On Wed, Jan 20, 2016 at 2:42 PM, Dean Henrichsmeyer <[email protected]> wrote:
> Hi, > > It seems the original point James was making is getting missed. No one is > arguing over the value of being able to retry and/or idempotent hooks. > Yes, you should be able to retry them and yes nothing should break if you > run them over and over. > > The point made is that Juju shouldn't be automatically retrying them. The > argument of "no one knows what went wrong so Juju automatically retrying > them is a better experience" doesn't work. The intelligence of the stack in > question, regardless of what it is, goes in the charms. If you start > conflating and mixing up where the intelligence goes then creating, > running, and debugging those distributed systems will be a nightmare. > Hook errors *will* happen, and often for transient reasons. In handling this, we can choose between "users retry without understanding the details" and "juju retries without understanding the details" [0]. I'd be happy to make the behaviour configurable, for the rare cases when the user *does* understand the details and wants full and detailed control, but I don't think that's the common case.

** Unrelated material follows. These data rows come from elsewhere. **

(* Assume $\nu$ satisfies Assumption (A), $\mathcal M$ satisfies Assumption (B), let $0<\gamma<1$, $\delta_1\in(0,1)$, and assume $M_1\ge-\ln(\delta_1/C)\frac{1}{c\,\phi(\kappa_0)}$ with $\kappa_0=\frac{(1-\gamma^2)\widehat\sigma_0(\mathcal M)^2}{8K_\infty K_{\mathcal L}}$, where $\widehat\sigma_0(\mathcal M)^2=\max_{\mu\in\mathcal P}\mathrm{Var}[g_\mu(Z)]$. Then $$\mathbb{P}\Big[\mathrm{Var}\big[g_{\overline\mu_1}(Z)\mid\overline Z^{1:\infty}\big]\ge\gamma^2\max_{\mu\in\mathcal P}\mathrm{Var}\big[g_\mu(Z)\mid\overline Z^{1:\infty}\big]\Big]\ge1-\delta_1,$$ i.e. $\mathbb{P}[\overline\sigma_0(\mathcal M)\ge\gamma\widehat\sigma_0(\mathcal M)]\ge1-\delta_1$, where $\overline\sigma_0(\mathcal M)=\sqrt{\mathrm{Var}[g_{\overline\mu_1}(Z)\mid\overline Z^{1:\infty}]}$.
   Context: $Z$ is an $\mathbb{R}^d$-valued random vector with law $\nu$; $L^2_{\nu,0}(\mathbb{R}^d)=\{g\in L^2_\nu:\int g\,d\nu=0\}$, $\|g\|=\sqrt{\mathrm{Var}[g(Z)]}$. $\mathcal P\subset\mathbb{R}^p$; $f_\mu$ continuous, in $L^2_\nu$; $g_\mu=f_\mu-\mathbb{E}[f_\mu(Z)]$; $\mathcal M=\{g_\mu:\mu\in\mathcal P\}$; $d_n(\mathcal M)=\inf_{V_n}\sup_\mu\inf_{h\in V_n}\|g_\mu-h\|$ over $n$-dimensional subspaces $V_n$. $\mathcal L$: Lipschitz functions, $\|f\|_{\mathcal L}$ Lipschitz constant. For $\overline Z=(Z_k)_{k\le M}$: $\mathbb{E}_{\overline Z}(f)=\frac1M\sum_kf(Z_k)$, $\mathrm{Var}_{\overline Z}(f)=\mathbb{E}_{\overline Z}(f^2)-\mathbb{E}_{\overline Z}(f)^2$. $\overline Z^n=(Z^n_k)_{1\le k\le M_n}$, all $Z^n_k$ i.i.d. with law $\nu$ independent of $Z$, $\overline Z^{1:\infty}=(\overline Z^n)_n$. $\overline\mu_1\in\operatorname{argmax}_{\mu\in\mathcal P}\mathrm{Var}_{\overline Z^1}(g_\mu)$ with $g_{\overline\mu_1}\ne0$ (first step of the MC-greedy algorithm). Assumption (A): $\exists\alpha>1,\beta>0$ with $\int_{\mathbb{R}^d}e^{\beta|x|^\alpha}d\nu(x)<\infty$. $\phi(\kappa)=\kappa^2\mathbf 1_{\kappa\le1}+\kappa^\alpha\mathbf 1_{\kappa>1}$ ($d=1$), $(\kappa/\log(2+1/\kappa))^2\mathbf 1_{\kappa\le1}+\kappa^\alpha\mathbf 1_{\kappa>1}$ ($d=2$), $\kappa^d\mathbf 1_{\kappa\le1}+\kappa^\alpha\mathbf 1_{\kappa>1}$ ($d\ge3$). $c,C>0$ are constants (depending on $\nu,d,\alpha,\beta$; they exist under (A) by Fournier–Guillin) such that for all $M$, all i.i.d. $\overline Z=(Z_k)_{k\le M}$ of law $\nu$, all $\kappa>0$: $\mathbb{P}[\sup_{\|f\|_{\mathcal L}\le1}|\mathbb{E}[f(Z)]-\mathbb{E}_{\overline Z}(f)|\ge\kappa]\le Ce^{-cM\phi(\kappa)}$. Assumption (B): (B1) $\mathcal M$ compact in $L^2_{\nu,0}$, $K_2=\sup_\mu\|g_\mu\|<\infty$; (B2) $\mathcal M\subset\mathcal L$, $K_{\mathcal L}=\sup_\mu\|g_\mu\|_{\mathcal L}<\infty$; (B3) $\mathcal M\subset L^\infty$, $K_\infty=\sup_\mu\|g_\mu\|_{L^\infty}<\infty$; (B4) $d_n(\mathcal M)>0$ for all $n$. *)

(* R^d is modelled as [d.-tuple R] with its product
   (coordinate) sigma-algebra, which is the Borel sigma-algebra of R^d, and the
   Euclidean norm/distance defined below. *)
From HB Require Import structures.
From mathcomp Require Import all_boot all_order all_algebra.
From mathcomp Require Import all_classical all_reals all_analysis.
From mathcomp Require Import ess_sup_inf.
Set Implicit Arguments.
Unset Strict Implicit.
Unset Printing Implicit Defensive.
Import Order.TTheory GRing.Theory Num.Theory.
Import numFieldNormedType.Exports.
Local Open Scope classical_set_scope.
Local Open Scope ring_scope.

Section Defs.
Variable R : realType.

Definition enorm (d : nat) (x : d.-tuple R) : R :=
  Num.sqrt (\sum_(i < d) (tnth x i) ^+ 2).
Definition edist (d : nat) (x y : d.-tuple R) : R :=
  Num.sqrt (\sum_(i < d) (tnth x i - tnth y i) ^+ 2).

Definition lipschitz_with (d : nat) (L : R) (f : d.-tuple R -> R) :=
  forall x y, `|f x - f y| <= L * edist x y.
Definition lipconst (d : nat) (f : d.-tuple R -> R) : R :=
  inf [set L | 0 <= L /\ lipschitz_with L f].
Definition econtinuous (d : nat) (f : d.-tuple R -> R) :=
  forall x (e : R), 0 < e ->
    exists2 del : R, 0 < del & forall y, edist x y < del -> `|f x - f y| < e.

Definition phiFG (d : nat) (alpha kappa : R) : R :=
  if kappa <= 1 then
    (if d == 1%N then kappa ^+ 2
     else if d == 2%N then (kappa / ln (2 + kappa^-1)) ^+ 2
     else kappa ^+ d)
  else powR kappa alpha.

Section Nu.
Variable d : nat.
Variable nu : probability (d.-tuple R) R.

Definition Enu (f : d.-tuple R -> R) : R := fine (\int[nu]_x (f x)%:E).
Definition Varnu (f : d.-tuple R -> R) : R :=
  Enu (fun x => f x ^+ 2) - (Enu f) ^+ 2.
Definition l2norm (f : d.-tuple R -> R) : R := Num.sqrt (Varnu f).
Definition linf (f : d.-tuple R -> R) : \bar R :=
  ess_sup nu (fun x => (`|f x|)%:E).

Definition in_L2 (f : d.-tuple R -> R) :=
  measurable_fun setT f /\ nu.-integrable setT (fun x => (f x ^+ 2)%:E).
Definition in_L20 (f : d.-tuple R -> R) := in_L2 f /\ Enu f = 0.

Definition L2_lin_indep (n : nat) (h : 'I_n -> d.-tuple R -> R) :=
  forall a : 'I_n -> R,
    {ae nu, forall x, \sum_(i < n) a i * h i x = 0} -> forall i, a i = 0.

Definition centred (P : Type) (f : P -> d.-tuple R -> R) (mu : P) :=
  fun x => f mu x - Enu (f mu).

Definition kolmogorov_width (P : Type) (Pset : set P)
    (g : P -> d.-tuple R -> R) (n : nat) : R :=
  inf [set w | exists h : 'I_n -> d.-tuple R -> R,
        [/\ forall i, in_L20 (h i), L2_lin_indep h &
            w = sup [set inf [set l2norm (fun x => g mu x - \sum_(i < n) a i * h i x)
                             | a in [set: 'I_n -> R]]
                    | mu in Pset]]].

(* compactness of M = {g mu | mu in Pset} in the metric space L^2_{nu,0},
   written as sequential compactness (equivalent in metric spaces) *)
Definition L2_compact (P : Type) (Pset : set P) (g : P -> d.-tuple R -> R) :=
  forall u : nat -> P, (forall n, Pset (u n)) ->
    exists (s : nat -> nat) (mu : P),
      [/\ {homo s : m n / (m < n)%N >-> (m < n)%N}, Pset mu &
          (fun n => l2norm (fun x => g (u (s n)) x - g mu x)) @ \oo --> (0 : R)].
End Nu.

The magic should only be in Juju's ability to effectively drive the models > and intelligence encoded in the charms. It shouldn't make assumptions about > what that intelligence is or what those models require. > Stopping on hook error can only *prevent* those charms from applying their intelligence. No more hooks to be run => no more opportunity to react. If a charm wants to be smart about errors, it needs to detect the errors it *knows* about, and react to those by setting status; and to move on *without* failing the hook, thereby giving subsequent hooks an opportunity to be smart. Ultimately, it comes down to the fact that there's *always* another error case you haven't considered. If you depend on the charmer to implement retries for specific errors, that's essentially a whitelist, and they're stuck playing whack-a-mole forever [1]. But if the charmer can depend on external retries, they only have to worry about maintaining a definitely-fatal blacklist and reporting those conditions in status. Am I making any sense here? Cheers William [0] or "the system stays broken forever", I suppose :). [1] I imagine the rational approach there is to give up, and start whitelisting by operation rather than by error; i.e. to accept that most errors are unknown/transient and should be dumbly retried. And given that, why should every charmer have to roll their own retries?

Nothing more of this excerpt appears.